I always read a bit before going to bed and last night was no different. I had started a new book by David Sheff, "Beautiful Boy". I had read his son's book titled "Tweaked". The little bit that I have read had me thinking back to a time when I caused this same pain to my parents and I felt ashamed. I too suffered through an addiction and while my pain was apparent to me, my parents mostly suffered alone, I never really thought about what I was doing to them. There is a part in the book when he talks about resenting his son's addiction because while he is high he gets a reprieve from the pain whereas the family members of the addict never get this, they continue to suffer day in and day out. I had never thought of this before and it disturbed me because it is so true. When I was getting high I escaped my hell by being obliviated and then nothing mattered, my parents however did not get to escape my hell or their own for that matter. Although I am clean now I still have feelings of guilt and remorse, shame, degregation, and embarrasement.
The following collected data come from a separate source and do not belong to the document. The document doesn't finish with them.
(* G_k is the Phi_k-kernel matrix on q_1..q_r and the code, with the code's
   rows and columns summed into one. *)
Lemma Gmx_code_psd r (q : 'I_r -> M) N (z : 'I_N -> M) ell n
    (x : 'I_ell -> 'I_n -> R) (y : 'I_r -> 'I_n -> R) :
  (forall d, (d < k.+1)%N -> \sum_i sget (x i) d =
     \sum_p moment [pred p' | p != p'] (fun=> 1) (fun p' => tau (z p) (z p')) d) ->
  (forall i d, (d < k.+1)%N ->
     sget (y i) d = moment predT (fun=> 1) (fun p => tau (z p) (q i)) d) ->
  psd (Gmx tau Phi k q N%:R x y).
Proof.
move=> x_pairs y_points.
pose zz (i : 'I_(r + N)) := match split i with inl i => q i | inr p => z p end.
have := psd_merge_tail (Phi_psd zz); congr psd.
apply: esym; rewrite /Gmx; congr block_mx; apply/matrixP => i j; rewrite !mxE /zz.
- by rewrite (unsplitK (inl _ i)) (unsplitK (inl _ j)).
- under eq_bigr => d _ do [rewrite y_points; last exact: ltn_ord d].
  rewrite horner_moment //; apply: eq_bigr => p _.
  by rewrite !mxE (unsplitK (inl _ i)) (unsplitK (inr _ p)) mul1r tau_sym.
- under eq_bigr => d _ do [rewrite y_points; last exact: ltn_ord d].
  rewrite horner_moment //; apply: eq_bigr => p _.
  by rewrite !mxE (unsplitK (inl _ j)) (unsplitK (inr _ p)) mul1r.
- under eq_bigr => d _ do [rewrite x_pairs ?mulr_sumr; last exact: ltn_ord d].
  rewrite !ord1 eqxx mulr1n exchange_big -[N in N%:R]card_ord -sumr_const -big_split.
  apply: eq_bigr => p _; rewrite horner_moment // [RHS](bigD1 p) //= !mxE.
  rewrite (unsplitK (inr _ p)) tau_diag Phi_norm; congr (_ + _).
  apply: eq_big => [p' | p' _]; first by rewrite eq_sym.
  by rewrite !mxE (unsplitK (inr _ p)) (unsplitK (inr _ p')) mul1r.
Qed.

End GramMatrix.
(* Let $f:\mathbb{R}^d\to\mathbb{R}$ be twice differentiable and suppose there is $M>0$ with $\|\nabla^2 f(x)-\nabla^2 f(y)\|_{\mathrm{op}}\le M\|x-y\|$ for all $x,y$. Let $(x_k)_{k\in\mathbb{N}}$ be generated by the inner iteration described in the context. Then for all $k\ge1$, $$\|\nabla f(\bar x_k)\|\le\|\bar g_k\|+\frac{M}{8}kS_k.$$
   Context: Inner iteration (parameters $\sigma,\delta>0$, $\theta\in(0,1)$): given $x_0\in\mathbb{R}^d$ and a real symmetric matrix $B_0$, for $k=0,1,\dots$: let $m_k(s):=\langle \nabla f(x_k)+\frac{1}{k+1}\sum_{i=0}^k(2i+1)\nabla f(x_i),s\rangle+\frac12\langle B_ks,s\rangle+\frac{\sigma}{4}\|s\|^4$; choose any $s_k$ with $\|\nabla m_k(s_k)\|\le\delta\|s_k\|$; set $x_{k+1}=x_k+s_k$, $r_k=\nabla f(x_{k+1})-\nabla f(x_k)-B_ks_k$, and $B_{k+1}=\frac{1-\theta}{1+\theta}\big(B_k+\frac{r_ks_k^\top+s_kr_k^\top}{\|s_k\|^2}-\frac{\langle r_k,s_k\rangle}{\|s_k\|^4}s_ks_k^\top\big)$. Definitions for $k\ge1$: $\bar x_k:=\frac{1}{k(k+1)}\big(\sum_{i=0}^{k-1}(2i+1)x_i+kx_k\big)$, $\bar g_k:=\frac{1}{k(k+1)}\big(\sum_{i=0}^{k-1}(2i+1)\nabla f(x_i)+k\nabla f(x_k)\big)$, and $S_k:=\sum_{i=0}^{k-1}\|s_i\|^2$. *)

From HB Require Import structures.
From mathcomp Require Import all_boot all_order all_algebra.
From mathcomp Require Import all_classical all_reals all_analysis.
Set Implicit Arguments. Unset Strict Implicit. Unset Printing Implicit Defensive.
Import Order.TTheory GRing.Theory Num.Theory.
Import numFieldNormedType.Exports.
Local Open Scope classical_set_scope.
Local Open Scope ring_scope.

Section Defs.
Variables (R : realType) (d : nat).
Notation vec := 'cV[R]_d.

Definition dotp (u v : vec) : R := \sum_(i < d) u i 0 * v i 0.
Definition enorm (v : vec) : R := Num.sqrt (dotp v v).

Definition opnorm (A : 'M[R]_d) : R :=
  sup [set enorm (A *m v) | v in [set v : vec | enorm v <= 1]].

Definition grad (f : vec -> R) (x : vec) : vec :=
  \col_(i < d) ('d f x (delta_mx i 0 : vec)).

(* Hessian: hess f x i j = d/dx_j (d f / dx_i) *)
Definition hess (f : vec -> R) (x : vec) : 'M[R]_d :=
  \matrix_(i < d, j < d) (('d (grad f) x (delta_mx j 0 : vec)) i 0).

Definition twice_differentiable (f : vec -> R) : Prop :=
  forall x, differentiable f x /\ differentiable (grad f) x.

Definition model (f : vec -> R) (sigma : R) (x : nat -> vec) (B : nat -> 'M[R]_d)
    (k : nat) (s : vec) : R :=
  dotp (grad f (x k) + (k.+1%:R)^-1 *: \sum_(i < k.+1) (2 * i + 1)%:R *: grad f (x i)) s
  + 2^-1 * dotp (B k *m s) s + sigma / 4 * enorm s ^+ 4.

Definition resid (f : vec -> R) (x : nat -> vec) (s : nat -> vec) (B : nat -> 'M[R]_d)
    (k : nat) : vec :=
  grad f (x k.+1) - grad f (x k) - B k *m s k.

Definition Bupdate (theta : R) (Bk : 'M[R]_d) (r s : vec) : 'M[R]_d :=
  ((1 - theta) / (1 + theta)) *:
    (Bk + (enorm s ^+ 2)^-1 *: (r *m s^T + s *m r^T)
        - (dotp r s / enorm s ^+ 4) *: (s *m s^T)).

Definition inner_iteration (f : vec -> R) (sigma delta theta : R)
    (x s : nat -> vec) (B : nat -> 'M[R]_d) : Prop :=
  [/\ (B 0%N)^T = B 0%N,
      forall k, enorm (grad (model f sigma x B k) (s k)) <= delta * enorm (s k),
      forall k, x k.+1 = x k + s k &
      forall k, B k.+1 = Bupdate theta (B k) (resid f x s B k) (s k)].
No my parents are not to blame for my addiction, no one but myself can take the blame for the way I chose to live my life for so long. It was a hell that I hope I will never have to go through again.

I tossed and turned all night, waking each hour from a dream that I could not seem to shake away. I don't remember all the details but the overall feeling of it was dread. I am sure that it is related to my feelings before I went to bed last night of being such a "bad" child. I have apologized to my parents over and over, but is this enough to get rid of the hidden guilt I carry around in my heart? Will I ever forgive myself? I don't know the answers to these questions and that scares me. There is always that possibility that addiction will rear its ugly head in my direction again and destroy everything I have worked so hard for these last few years. I actually am okay with who I am and who I want to become today. That's not something I could have said even a year ago. Of course there are things I wish I could change but for the most part I am satisfied.

Wednesday, September 9, 2009

Sugar bear

I wanted to set up my own blog just to see what would come out of my mouth and onto the paper (well so to speak). Now that I am actually trying to write a post I don't have any clue what to say! Go figure. Thats normal for me, the thoughts that are up inside of my head are always jumping around like circus freaks. It takes time to sort through and find the ones I want to explore. I am thrilled that I will be at the Steelers first game of the season with my father tomorrow night! I love my father and am looking forward to spending an unforgettable evening with him.
I am avid reader and I just finished Augusten Burrow's "A wolf at the table" and was reminded of how fortunate I am to have had a father who adored me. My dad used to call me his sugar bear when I was a little girl and till this day whenever he says those 2 little words I choke up and my eyes tear up. I cannot imagine my childhood, my life without him. He inspires me with his calm gentle ways. He has this wisdom that can only come from his having to grow up so early in life. I hope that he knows how remarkable he is to me and to the world. Someday when I have children of my own I hope that I can be as good a parent to them as my dad was and continues to be to me.